У негритянки звонкие груди, и все в растяжках – то ли из-за кучи детей, то ли из-за того, что их тискала куча рук. Эта мысль как нельзя кстати, я возбуждаюсь! Пуэрториканка – страшная аккуратистка, раздевается в углу, словно собралась спать одна. Нашла свободный стул и сложила на него шмотки так, будто нанимается в универмаг продавщицей. Прилежная. Наверняка была в школе отличницей и дома не ссорилась с братьями и прочей родней. Так мне кажется. Зато холодная блондинка меня пугает. Сидит неподвижно, не раздевается, прислонилась к трюмо с видом стервозной бухгалтерши. Словно хочет сказать: сегодня я здесь, но на конгрессе зубных врачей я бы вела себя точно так же. Она меня раздражает, гасит возбуждение от истисканных неизвестно кем негритянкиных сисек. Черная сразу ложится со мной в кровать и начинает тереться. Пытаюсь ее поцеловать. Она уклоняется.
Меня это неожиданно обижает.
– I’m a singer[10], – зачем-то объясняю я.
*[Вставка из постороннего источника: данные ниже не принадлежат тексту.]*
(* Let $m\ge 2$ and let $k_1,k_2,\dots,k_{2m}$ be positive integers such that $k_i+k_{i+1}\ge 3$ for all $i\in\{1,3,\dots,2m-1\}$. Then every tournament of order $m+\sum_{i=1}^{2m}k_i$ contains a subdivision of $C(k_1,k_2,\dots,k_{2m})$ having at least $m$ non-dilated blocks.
   Context: A tournament is an orientation of a complete graph. A block of an oriented path or cycle is a maximal directed subpath. $C(k_1,k_2,\dots,k_{2m})$ denotes the oriented cycle with $2m$ blocks of consecutive lengths $k_1,k_2,\dots,k_{2m}$. A subdivision of a digraph $H$ is obtained by replacing each arc $(u,v)$ by a directed $uv$-path of length at least $1$ (internally disjoint); a subdivision $H'$ of a $2m$-blocks cycle $C$ is again a $2m$-blocks cycle whose blocks correspond to those of $C$. A block of $H'$ is dilated if its length in $H'$ is strictly greater than the length of the corresponding block of $C$, and non-dilated otherwise. *)

From mathcomp Require Import all_boot.
Set Implicit Arguments. Unset Strict Implicit. Unset Printing Implicit Defensive.

Definition tournament (T : finType) (adj : rel T) : Prop :=
  (forall x, ~~ adj x x) /\ (forall x y, x != y -> adj x y = ~~ adj y x).
Section PositiveOperator.
Variable A : {linear V -> V}.
Hypothesis hA : positive_op ip A.

Let ipA_sym x y : ip (A x) y = ip x (A y). Proof. by case: hA. Qed.
Let ipA_ge0 x : 0 <= ip (A x) x. Proof. by case: hA. Qed.

Let cj_ipA x : cj (ip (A x) x) = ip (A x) x.
Proof. exact/cj_real/ger0_real. Qed.

Lemma ipA_shift u w a : ip (A (u + a *: w)) (u + a *: w) =
  ip (A u) u + cj a * ip (A u) w + a * cj (ip (A u) w) + a * cj a * ip (A w) w.
Proof.
rewrite linearD linearZ !ipDl !ipDr !ipZl !ipZr.
rewrite [ip (A w) u]ipA_sym [ip w (A u)]ipC; ring.
Qed.

Lemma ipA_Cauchy_Schwarz u w :
  ip (A u) w * ip w (A u) <= ip (A u) u * ip (A w) w.
Proof.
rewrite [ip w _]ipC; set z := ip (A u) w; set p := ip (A u) u.
have p_ge0 : 0 <= p := ipA_ge0 u.
have [c0|c_neq0] := eqVneq (ip (A w) w) 0.
  rewrite c0 mulr0; have [->|/mul_cj_gt0 zz_gt0] := eqVneq z 0; first by rewrite mul0r.
  (* With <Aw,w> = 0, <A(u - tz w), u - tz w> = <Au,u> - 2t|z|^2 < 0 for large t. *)
  pose t := (p + 1) / (z * cj z).
  have cj_t : cj t = t.
    by apply/cj_real/ger0_real; rewrite /t divr_ge0 ?addr_ge0 // ltW.
  have := ipA_ge0 (u + (- (t * z)) *: w).
  rewrite ipA_shift c0 mulr0 addr0 rmorphN rmorphM cj_t -/z -/p.
  have -> : p + - (t * cj z) * z + - (t * z) * cj z = - (p + 2).
    by rewrite /t; field; rewrite -negb_or -mulf_eq0 mulrC gt_eqF.
  have p2_gt0 : 0 < p + 2 by rewrite ltr_wpDl.
  by rewrite oppr_ge0 => /(lt_le_trans p2_gt0); rewrite ltxx.
set c := ip (A w) w in c_neq0 *.
have c_gt0 : 0 < c by rewrite lt_def c_neq0 ipA_ge0.
have cj_c : cj c = c := cj_ipA w.
have := ipA_ge0 (u + (- (z / c)) *: w).
rewrite ipA_shift -/c -/z -/p rmorphN rmorphM fmorphV cj_c.
have -> : p + - (cj z / c) * z + - (z / c) * cj z + - (z / c) * - (cj z / c) * c =
          (p * c - z * cj z) / c by field; rewrite gt_eqF.
by rewrite pmulr_lge0 ?invr_gt0 // subr_ge0.
Qed.

Definition deflation (w u : V) : V := A u - (ip u (A w) / ip (A w) w) *: A w.

Lemma deflation_is_linear w : linear (deflation w).
Proof.
move=> a x y; rewrite /deflation linearP ipDZl mulrDl scalerDl -mulrA -scalerA.
by rewrite scalerBr opprD addrACA.
Qed.

HB.instance Definition _ w :=
  GRing.isLinear.Build K V V *:%R (deflation w) (deflation_is_linear w).

Section Deflation.
Variable w : V.
Hypothesis ipAw_gt0 : 0 < ip (A w) w.

Lemma deflation_positive : positive_op ip (deflation w).
Proof.
have cj_c := cj_ipA w; split=> x.
  move=> y; rewrite /deflation ipBl ipBr ipZl ipZr ipA_sym rmorphM fmorphV cj_c.
  by rewrite -ipC [ip (A w) y]ipA_sym; ring.
rewrite /deflation ipBl ipZl -ipA_sym [ip (A w) x]ipA_sym subr_ge0 mulrAC.
by rewrite ler_pdivrMr // ipA_Cauchy_Schwarz.
Qed.

Lemma deflation_orthogonal u : ip (deflation w u) w = 0.
Proof. by rewrite ipBl ipZl divfK ?gt_eqF // ipA_sym subrr. Qed.

Lemma deflation_add_rank_one s u : 0 <= s -> s * s = ip (A w) w ->
  A u = deflation w u + rank_one ip (s^-1 *: A w) (s^-1 *: A w) u.
Proof.
move=> s_ge0 ss; rewrite /rank_one ipZr scalerA fmorphV (cj_real (ger0_real s_ge0)).
by rewrite mulrC mulrA -invfM ss mulrC /deflation subrK.
Qed.

End Deflation.

Lemma positive_op_split w : exists (B : {linear V -> V}) (v : V),
  [/\ positive_op ip B, forall u, ip (B u) w = 0, exists u, v = A u &
      forall u, A u = B u + rank_one ip v v u].
Proof.
have [c0|c_neq0] := eqVneq (ip (A w) w) 0.
  exists A, 0; split=> //; last 2 first.
  - by exists 0; rewrite linear0.
  - by move=> u; rewrite /rank_one scaler0 addr0.
  move=> u; have := ipA_Cauchy_Schwarz u w; rewrite c0 mulr0 [ip w _]ipC.
  by have [//|/mul_cj_gt0/lt_le_trans lt/lt] := eqVneq (ip (A u) w) 0; rewrite ltxx.
have c_gt0 : 0 < ip (A w) w by rewrite lt_def c_neq0 ipA_ge0.
have [s s_ge0 ss] := sqrt_ge0 (ipA_ge0 w).
exists (deflation w), (s^-1 *: A w); split.
- exact: deflation_positive.
- exact: deflation_orthogonal.
- by exists (s^-1 *: w); rewrite linearZ.
- by move=> u; apply: deflation_add_rank_one.
Qed.

End PositiveOperator.

Lemma positive_op_sum_rank_one m (b : 'I_m -> V) (A : {linear V -> V}) :
  positive_op ip A -> (forall u, in_span b (A u)) ->
  exists v : 'I_m -> V, (forall u, A u = \sum_(l < m) rank_one ip (v l) (v l) u)
                        /\ (forall l, exists u, v l = A u).
Proof.
elim: m b A => [|m IH] b A hA spanA.
  exists (fun _ => 0); split=> [u|[]//].
  by have [c ->] := spanA u; rewrite !big_ord0.
have [B [v0 [hB B_perp [u0 ->] AB]]] := positive_op_split hA (b ord0).
have B_eq u : B u = A u - ip u (A u0) *: A u0 by rewrite AB /rank_one addrK.
have spanB u : in_span (orth_tail b) (B u).
  by apply: in_span_orth_tail (B_perp u); rewrite B_eq; apply: in_spanBZ.
have [v [Bv rangev]] := IH _ B hB spanB.
pose v' i := if unlift ord0 i is Some j then v j else A u0.
exists v'; split=> [u|i].
  rewrite big_ord_recl /v' unlift_none AB Bv addrC; congr (_ + _).
  by apply: eq_bigr => j _; rewrite liftK.
rewrite /v'; case: unliftP => [j _|_]; last by exists u0.
have [u ->] := rangev j; exists (u - ip u (A u0) *: u0).
by rewrite B_eq linearB [A (_ *: _)]linearZ.
Qed.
Все молчат, вот я и заговорил.
Но всем троим на меня наплевать.
Тут подскакивает пуэрториканка, типа такая страстная. Подкралась со спины, как убийца, а сама давай ласкать меня тут и там, пока негритянка работает по обычной схеме, раздвинув ноги. Я в нее вошел и, неизвестно почему, вдруг подумал, что ничего у меня не получится. Я возбудился, но член не очень твердый. Нечего с коксом строить из себя мачо. К тому же блондинка меня бесит, сидит себе с равнодушным видом, прилипла к трюмо, не раздевается, за что я ей заплатил? Еще немного – и я пошлю ее куда подальше. Дрыгаюсь на негритянке, но без особого пафоса. Одиночество подкрадывается и обдает холодом.